WORK ORDER: Please report, as a bare number, how many lines below include the string "Hypothesis".

··· PROVIDED ENTRIES ···

(* Let $X$ be a real Banach space, $K\subset X$ compact, $\lambda_1,\dots,\lambda_m\in X^*$ with $\|\lambda_j\|_{X^*}=1$, and $w\in\mathbb{R}^m$. Let $\varepsilon>0$ and let $g_\varepsilon\in X$ satisfy $$\|\lambda(g_\varepsilon)-w\|\le\varepsilon\quad\text{and}\quad \operatorname{dist}(g_\varepsilon,K)_X\le\varepsilon .$$ Then $$\|f-g_\varepsilon\|_X\le \varepsilon+2R(K(w,2\varepsilon))_X\qquad\text{for all } f\in K_w .$$ Moreover, if $R(K_w)_X\neq 0$, then for every $C>2$ there is $\varepsilon_0>0$ such that whenever $0<\varepsilon\le\varepsilon_0$ and $g_\varepsilon$ satisfies the two conditions above, $\|f-g_\varepsilon\|_X\le C\,R(K_w)_X$ for all $f\in K_w$.
   Context: For $g\in X$, $\lambda(g):=(\lambda_1(g),\dots,\lambda_m(g))\in\mathbb{R}^m$; on $\mathbb{R}^m$ use $\|v\|:=\big[\frac1m\sum_{j=1}^m|v_j|^2\big]^{1/2}$. $\operatorname{dist}(g,K)_X:=\inf_{h\in K}\|g-h\|_X$. $K_w:=\{f\in K:\lambda(f)=w\}$ and $K(w,\varepsilon):=\bigcup_{\|w'-w\|\le\varepsilon}K_{w'}$ ($w'\in\mathbb{R}^m$). For $S\subset X$, $R(S)_X:=\inf\{r:\ S\subset B(z,r)_X\text{ for some }z\in X\}$ is the Chebyshev radius, $B(z,r)_X$ the ball of center $z$ and radius $r$. *)

From HB Require Import structures.
From mathcomp Require Import all_boot all_order all_algebra.
From mathcomp Require Import all_classical all_reals all_analysis.
Set Implicit Arguments. Unset Strict Implicit. Unset Printing Implicit Defensive.
Import Order.TTheory GRing.Theory Num.Theory.
Import numFieldNormedType.Exports.
Local Open Scope classical_set_scope.
Local Open Scope ring_scope.

Definition is_linear_functional (R : realType) (X : normedModType R)
  (l : X -> R) : Prop :=
  forall (a : R) (x y : X), l (a *: x + y) = a * l x + l y.

Definition dual_norm (R : realType) (X : normedModType R) (l : X -> R) : R :=
  sup [set `|l x| | x in [set x : X | `|x| <= 1]].

Definition vnorm (R : realType) (m : nat) (v : 'I_m -> R) : R :=
  Num.sqrt ((m%:R)^-1 * \sum_(j < m) `|v j| ^+ 2).

Definition lamvec (R : realType) (X : normedModType R) (m : nat)
  (lam : 'I_m -> X -> R) (g : X) : 'I_m -> R := fun j => lam j g.

Definition distX (R : realType) (X : normedModType R) (g : X) (K : set X) : R :=
  inf [set `|g - h| | h in K].

Definition Kfib (R : realType) (X : normedModType R) (m : nat)
  (lam : 'I_m -> X -> R) (K : set X) (w : 'I_m -> R) : set X :=
  [set f | K f /\ lamvec lam f = w].

Definition Knbhd (R : realType) (X : normedModType R) (m : nat)
  (lam : 'I_m -> X -> R) (K : set X) (w : 'I_m -> R) (eps : R) : set X :=
  [set f | exists w' : 'I_m -> R,
     vnorm (fun j => w' j - w j) <= eps /\ Kfib lam K w' f].

Definition cheb_radius (R : realType) (X : normedModType R) (S : set X) : R :=
  inf [set r : R | 0 <= r /\ exists z : X, forall x, S x -> `|x - z| <= r].

(* Let h be a point of K nearest to g, so ||g - h|| <= eps.  Each lambda_j is
   1-Lipschitz, hence ||lambda(h) - w|| <= 2 eps and both f and h lie in
   K(w, 2 eps), whose diameter is at most twice its Chebyshev radius.  For the
   second claim, the data misfit ||lambda(.) - w|| is continuous and vanishes on
   K exactly at K_w, so by compactness points of K with small misfit are
   uniformly close to K_w; for small eps, h is within (C - 2) R(K_w) / 2 of a
   point of K_w, which is within 2 R(K_w) of f. *)

From HB Require Import structures.
From mathcomp Require Import all_boot all_order all_algebra.
From mathcomp Require Import all_classical all_reals all_analysis.
From mathcomp Require Import ring lra.
Import Order.TTheory GRing.Theory Num.Theory.
Import numFieldNormedType.Exports.
Local Open Scope classical_set_scope.
Local Open Scope ring_scope.

Section linear_functional.
Context {R : realType} {X : normedModType R} {l : X -> R}.
Hypothesis linl : is_linear_functional l.

Lemma linear_functional0 : l 0 = 0.
Proof.
have := linl 1 0 0; rewrite scale1r addr0 mul1r => /eqP.
by rewrite addrC -subr_eq subrr => /eqP.
Qed.

Lemma linear_functionalZ a x : l (a *: x) = a * l x.
Proof. by rewrite -[a *: x]addr0 linl linear_functional0 addr0. Qed.

Lemma linear_functionalB x y : l (x - y) = l x - l y.
Proof. by rewrite addrC -scaleN1r linl mulN1r addrC. Qed.

Lemma linear_functional_le_dual_norm x :
  0 < dual_norm l -> `|l x| <= dual_norm l * `|x|.
Proof.
rewrite /dual_norm; set E := [set `|l y| | y in _] => supE_gt0.
have supE : has_sup E.
  by apply/not_notP => /sup_out supE0; rewrite supE0 ltxx in supE_gt0.
have [->|x_neq0] := eqVneq x 0; first by rewrite linear_functional0 !normr0 mulr0.
have x_gt0 : 0 < `|x| by rewrite normr_gt0.
rewrite -ler_pdivrMr // mulrC; apply: sup_upper_bound => //.
exists (`|x|^-1 *: x); last by rewrite linear_functionalZ normrM ger0_norm.
by rewrite /= normrZ ger0_norm ?mulVf ?gt_eqF.
Qed.

Lemma dual_norm1_lipschitz x y : dual_norm l = 1 -> `|l x - l y| <= `|x - y|.
Proof.
move=> l1; rewrite -linear_functionalB -[leRHS]mul1r -l1.
by apply: linear_functional_le_dual_norm; rewrite l1.
Qed.
End linear_functional.

Section vnorm.
Context {R : realType} {m : nat}.
Implicit Types (v a b : 'I_m -> R) (e : R).

Lemma vnorm_ge0 v : 0 <= vnorm v.
Proof. exact: sqrtr_ge0. Qed.

Lemma sqr_vnorm v : vnorm v ^+ 2 = m%:R^-1 * \sum_(j < m) `|v j| ^+ 2.
Proof. by rewrite sqr_sqrtr // mulr_ge0 ?invr_ge0 ?ler0n ?sumr_ge0. Qed.

Lemma vnorm_le_sqr e v : 0 <= e -> (vnorm v <= e) = (vnorm v ^+ 2 <= e ^+ 2).
Proof. by move=> e_ge0; rewrite ler_pXn2r ?nnegrE ?vnorm_ge0. Qed.

Lemma vnorm0 : vnorm (fun _ : 'I_m => 0 : R) = 0.
Proof.
by rewrite /vnorm big1 ?mulr0 ?sqrtr0 // => j _; rewrite normr0 expr0n.
Qed.

Lemma vnorm_eq0 v : vnorm v = 0 -> v = fun=> 0.
Proof.
case: m v => [|n] v; first by move=> _; apply/funext => -[].
move/eqP; rewrite sqrtr_eq0 pmulr_rle0 ?invr_gt0 ?ltr0n // => sum_le0.
have sum_eq0 : \sum_(j < n.+1) `|v j| ^+ 2 = 0.
  by apply/eqP; rewrite eq_le sum_le0 sumr_ge0.
apply/funext => j; apply/eqP; rewrite -normr_eq0 -sqrf_eq0.
by apply/eqP; apply: (psumr_eq0P _ sum_eq0).
Qed.

Lemma vnorm_le_max a e : 0 <= e -> (forall j, `|a j| <= e) -> vnorm a <= e.
Proof.
move=> e_ge0 a_le; rewrite vnorm_le_sqr // sqr_vnorm.
have sum_le : \sum_(j < m) `|a j| ^+ 2 <= m%:R * e ^+ 2.
  rewrite mulr_natl -[in leRHS](card_ord m) -sumr_const ler_sum // => j _.
  by rewrite lerXn2r ?nnegrE.
case: m a a_le sum_le => [|n] a _ sum_le; first by rewrite invr0 mul0r exprn_ge0.
by rewrite ler_pdivrMl ?ltr0n.
Qed.

Lemma vnorm_add_sqr a b :
  vnorm (a \+ b) ^+ 2 <= 2 * (vnorm a ^+ 2 + vnorm b ^+ 2).
Proof.
rewrite !sqr_vnorm -mulrDr mulrCA ler_wpM2l ?invr_ge0 //.
rewrite -big_split mulr_sumr ler_sum // => j _ /=.
have := ler_normD (a j) (b j); have := normr_ge0 (a j + b j).
have := normr_ge0 (a j); have := normr_ge0 (b j).
set x := `|a j|; set y := `|b j|; set z := `|a j + b j|.
have := sqr_ge0 (x - y); rewrite !expr2; nra.
Qed.

Lemma vnorm_add_le a b e :
  vnorm a <= e -> vnorm b <= e -> vnorm (a \+ b) <= 2 * e.
Proof.
move=> a_le b_le; have e_ge0 := le_trans (vnorm_ge0 a) a_le.
rewrite vnorm_le_sqr ?mulr_ge0 //; apply: le_trans (vnorm_add_sqr a b) _.
have := vnorm_ge0 a; have := vnorm_ge0 b; rewrite !expr2; nra.
Qed.
End vnorm.

Lemma continuous_vnorm (R : realType) (T : topologicalType) (m : nat)
    (v : T -> 'I_m -> R) :
  (forall j, continuous (fun x => v x j)) -> continuous (fun x => vnorm (v x)).
Proof.
move=> v_cont; rewrite /vnorm.
have sum_cont : continuous (fun x => \sum_(j < m) `|v x j| ^+ 2).
  apply: continuous_big; first exact: add_continuous.
  by move=> j _ x; apply: cvgM; apply: cvg_norm; apply: v_cont.
move=> x; apply: continuous_comp; last exact: sqrt_continuous.
by apply: cvgM; [exact: cvg_cst | exact: sum_cont].
Qed.

Section normed_space.
Context {R : realType} {X : normedModType R}.
Implicit Types (S K : set X).

Lemma bounded_setS S K : S `<=` K -> bounded_set K -> bounded_set S.
Proof. by move=> SK; apply: sub_boundedr => P KP x /SK; apply: KP. Qed.

Lemma cheb_radius_ge0 S : 0 <= cheb_radius S.
Proof.
rewrite /cheb_radius; set E := [set r | _].
have [->|/set0P E_neq0] := eqVneq E set0; first by rewrite inf0.
by apply: lb_le_inf => // r [].
Qed.

Lemma cheb_radius_diam {S x y} : bounded_set S -> S x -> S y ->
  `|x - y| <= 2 * cheb_radius S.
Proof.
move=> /ex_strict_bound_gt0 [M M_gt0 SM] Sx Sy.
rewrite -ler_pdivrMl // mulrC; apply: lb_le_inf.
  by exists M; split; [exact: ltW | exists 0 => z /SM; rewrite subr0 => /ltW].
move=> r [_ [z Sz]]; rewrite ler_pdivrMr // mulr_natr mulr2n.
rewrite -(subrKA z) addrC; apply: le_trans (ler_normD _ _) _.
by rewrite distrC lerD ?Sz.
Qed.

Lemma distX_attained K g : compact K -> K !=set0 ->
  exists2 h, K h & `|g - h| <= distX g K.
Proof.
move=> K_compact K_neq0.
have dist_cont : continuous (fun h : X => `|g - h|).
  by move=> x; apply: cvg_norm; apply: cvgB; [exact: cvg_cst | exact: cvg_id].
have [h Kh h_min] :=
  compact_EVT_min K_neq0 K_compact (continuous_subspaceT dist_cont).
move: Kh; rewrite inE => Kh; exists h => //.
have [f Kf] := K_neq0; apply: lb_le_inf; first by exists `|g - f|, f.
by move=> _ [k Kk <-]; apply: h_min; rewrite inE.
Qed.

Lemma compact_near_zeros {K} {phi : X -> R} {d} :
  compact K -> continuous phi -> 0 < d ->
  exists2 eta, 0 < eta & forall h, K h -> `|phi h| < eta ->
    exists2 z, K z /\ phi z = 0 & `|h - z| < d.
Proof.
move=> K_compact phi_cont d_gt0.
pose N := \bigcup_(z in [set z | K z /\ phi z = 0]) ball z d.
have near_zero h : K h -> N h -> exists2 z, K z /\ phi z = 0 & `|h - z| < d.
  by move=> _ [z Zz]; rewrite -ball_normE /ball_ /= distrC; exists z.
pose A := K `&` ~` N.
have [A0|/set0P A_neq0] := eqVneq A set0.
  exists 1 => // h Kh _; apply: near_zero => //; apply: contrapT => Nh.
  by have : A h by []; rewrite A0.
have A_compact : compact A.
  apply: (subclosed_compact _ K_compact); last exact: subIsetl.
  apply: closedI; first exact: compact_closed (@norm_hausdorff _ X) K_compact.
  by apply: open_closedC; apply: bigcup_open => z _; exact: ball_open.
have absphi_cont : continuous (fun x => `|phi x|).
  by move=> x; apply: cvg_norm; exact: phi_cont.
have [c Ac c_min] :=
  compact_EVT_min A_neq0 A_compact (continuous_subspaceT absphi_cont).
move: Ac; rewrite inE => -[Kc not_Nc].
exists `|phi c|.
  rewrite normr_gt0; apply/eqP => phic0; apply: not_Nc.
  by exists c => //; exact: ballxx.
move=> h Kh phih_lt; apply: near_zero => //; apply: contrapT => not_Nh.
by have := c_min h; rewrite inE leNgt phih_lt => /(_ (conj Kh not_Nh)).
Qed.
End normed_space.

Section measurement_data.
Context {R : realType} {X : normedModType R} {m : nat}.
Context {lam : 'I_m -> X -> R} {w : 'I_m -> R} {K : set X}.
Hypothesis lam_lin : forall j, is_linear_functional (lam j).
Hypothesis lam_norm1 : forall j, dual_norm (lam j) = 1.
Hypothesis K_compact : compact K.

Lemma vnorm_lamvec_triangle {g h e} :
  vnorm (fun j => lamvec lam g j - w j) <= e -> `|g - h| <= e ->
  vnorm (fun j => lamvec lam h j - w j) <= 2 * e.
Proof.
move=> gw gh.
have -> : (fun j => lamvec lam h j - w j) =
    (fun j => lam j h - lam j g) \+ (fun j => lamvec lam g j - w j).
  by apply/funext => j /=; rewrite /lamvec subrKA.
apply: vnorm_add_le gw; apply: vnorm_le_max => [|j].
  exact: le_trans (normr_ge0 _) gh.
rewrite distrC; apply: le_trans gh.
exact: dual_norm1_lipschitz (lam_lin j) g h (lam_norm1 j).
Qed.

Lemma near_point_of_distX {g f eps} : distX g K <= eps -> K f ->
  exists2 h, K h & `|g - h| <= eps.
Proof.
move=> gK Kf; have [h Kh gh] := distX_attained K g K_compact (ex_intro _ f Kf).
by exists h => //; apply: le_trans gK.
Qed.

Lemma dist_Kfib_le_cheb_radius_Knbhd eps g : 0 < eps ->
  vnorm (fun j => lamvec lam g j - w j) <= eps -> distX g K <= eps ->
  forall f, Kfib lam K w f ->
  `|f - g| <= eps + 2 * cheb_radius (Knbhd lam K w (2 * eps)).
Proof.
move=> eps_gt0 gw gK f Kwf.
have [h Kh gh] := near_point_of_distX gK (proj1 Kwf).
have fN : Knbhd lam K w (2 * eps) f.
  exists w; split => //; rewrite (_ : (fun j => w j - w j) = fun=> 0).
    by rewrite vnorm0 mulr_ge0 // ltW.
  by apply/funext => j; rewrite subrr.
have hN : Knbhd lam K w (2 * eps) h.
  by exists (lamvec lam h); split; first exact: (vnorm_lamvec_triangle gw gh).
have N_bounded : bounded_set (Knbhd lam K w (2 * eps)).
  by apply: bounded_setS (compact_bounded K_compact) => x [w' [_ []]].
have := cheb_radius_diam N_bounded fN hN.
have := ler_distD h f g; rewrite distrC in gh; lra.
Qed.

Hypothesis lam_cont : forall j, continuous (lam j).

Lemma eventually_dist_Kfib_le_cheb_radius :
  cheb_radius (Kfib lam K w) != 0 -> forall C, 2 < C ->
  exists2 eps0, 0 < eps0 &
    forall eps g, 0 < eps -> eps <= eps0 ->
      vnorm (fun j => lamvec lam g j - w j) <= eps -> distX g K <= eps ->
      forall f, Kfib lam K w f -> `|f - g| <= C * cheb_radius (Kfib lam K w).
Proof.
set rho := cheb_radius _ => rho_neq0 C C_gt2.
have rho_gt0 : 0 < rho by rewrite lt_def rho_neq0 cheb_radius_ge0.
pose d := (C - 2) * rho / 2.
have d_gt0 : 0 < d by rewrite divr_gt0 // mulr_gt0 // subr_gt0.
have misfit_cont : continuous (fun x => vnorm (fun j => lamvec lam x j - w j)).
  apply: continuous_vnorm => j x.
  by apply: cvgB; [exact: lam_cont | exact: cvg_cst].
have [eta eta_gt0 eta_near] := compact_near_zeros K_compact misfit_cont d_gt0.
exists (Num.min d (eta / 4)); first by rewrite lt_min d_gt0 divr_gt0.
move=> eps g eps_gt0; rewrite le_min => /andP[eps_d eps_eta] gw gK f Kwf.
have [h Kh gh] := near_point_of_distX gK (proj1 Kwf).
have h_misfit : `|vnorm (fun j => lamvec lam h j - w j)| < eta.
  rewrite ger0_norm ?vnorm_ge0 //.
  by apply: le_lt_trans (vnorm_lamvec_triangle gw gh) _; lra.
have [h' [Kh' /vnorm_eq0 h'w] hh'] := eta_near h Kh h_misfit.
have Kwh' : Kfib lam K w h'.
  split=> //; apply/funext => j; apply/eqP.
  by rewrite -subr_eq0 (congr1 (@^~ j) h'w).
have Kw_bounded : bounded_set (Kfib lam K w).
  by apply: bounded_setS (compact_bounded K_compact) => x [].
have := cheb_radius_diam Kw_bounded Kwf Kwh'.
(* |f - g| <= |f - h'| + |h' - h| + |h - g| <= 2 rho + d + eps <= 2 rho + 2 d *)
have dE : 2 * d = C * rho - 2 * rho by rewrite /d; field.
have := ler_distD h' f g; have := ler_distD h h' g.
rewrite distrC in gh; rewrite distrC in hh'; lra.
Qed.
End measurement_data.

Theorem theorem2p3 (R : realType) (X : completeNormedModType R)
  (K : set X) (m : nat) (lam : 'I_m -> X -> R) (w : 'I_m -> R) :
  compact K ->
  (forall j, is_linear_functional (lam j)) ->
  (forall j, continuous (lam j)) ->
  (forall j, dual_norm (lam j) = 1) ->
  (forall (eps : R) (g : X), 0 < eps ->
     vnorm (fun j => lamvec lam g j - w j) <= eps ->
     distX g K <= eps ->
     forall f, Kfib lam K w f ->
       `|f - g| <= eps + 2 * cheb_radius (Knbhd lam K w (2 * eps)))
  /\
  (cheb_radius (Kfib lam K w) != 0 ->
   forall C : R, 2 < C ->
   exists2 eps0 : R, 0 < eps0 &
     forall (eps : R) (g : X), 0 < eps -> eps <= eps0 ->
       vnorm (fun j => lamvec lam g j - w j) <= eps ->
       distX g K <= eps ->
       forall f, Kfib lam K w f ->
         `|f - g| <= C * cheb_radius (Kfib lam K w)).
Proof.
move=> K_compact lam_lin lam_cont lam_norm1; split.
- exact: (dist_Kfib_le_cheb_radius_Knbhd lam_lin lam_norm1 K_compact).
- exact: (eventually_dist_Kfib_le_cheb_radius
           lam_lin lam_norm1 K_compact lam_cont).
Qed.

···

EXERCISE RESULT: 5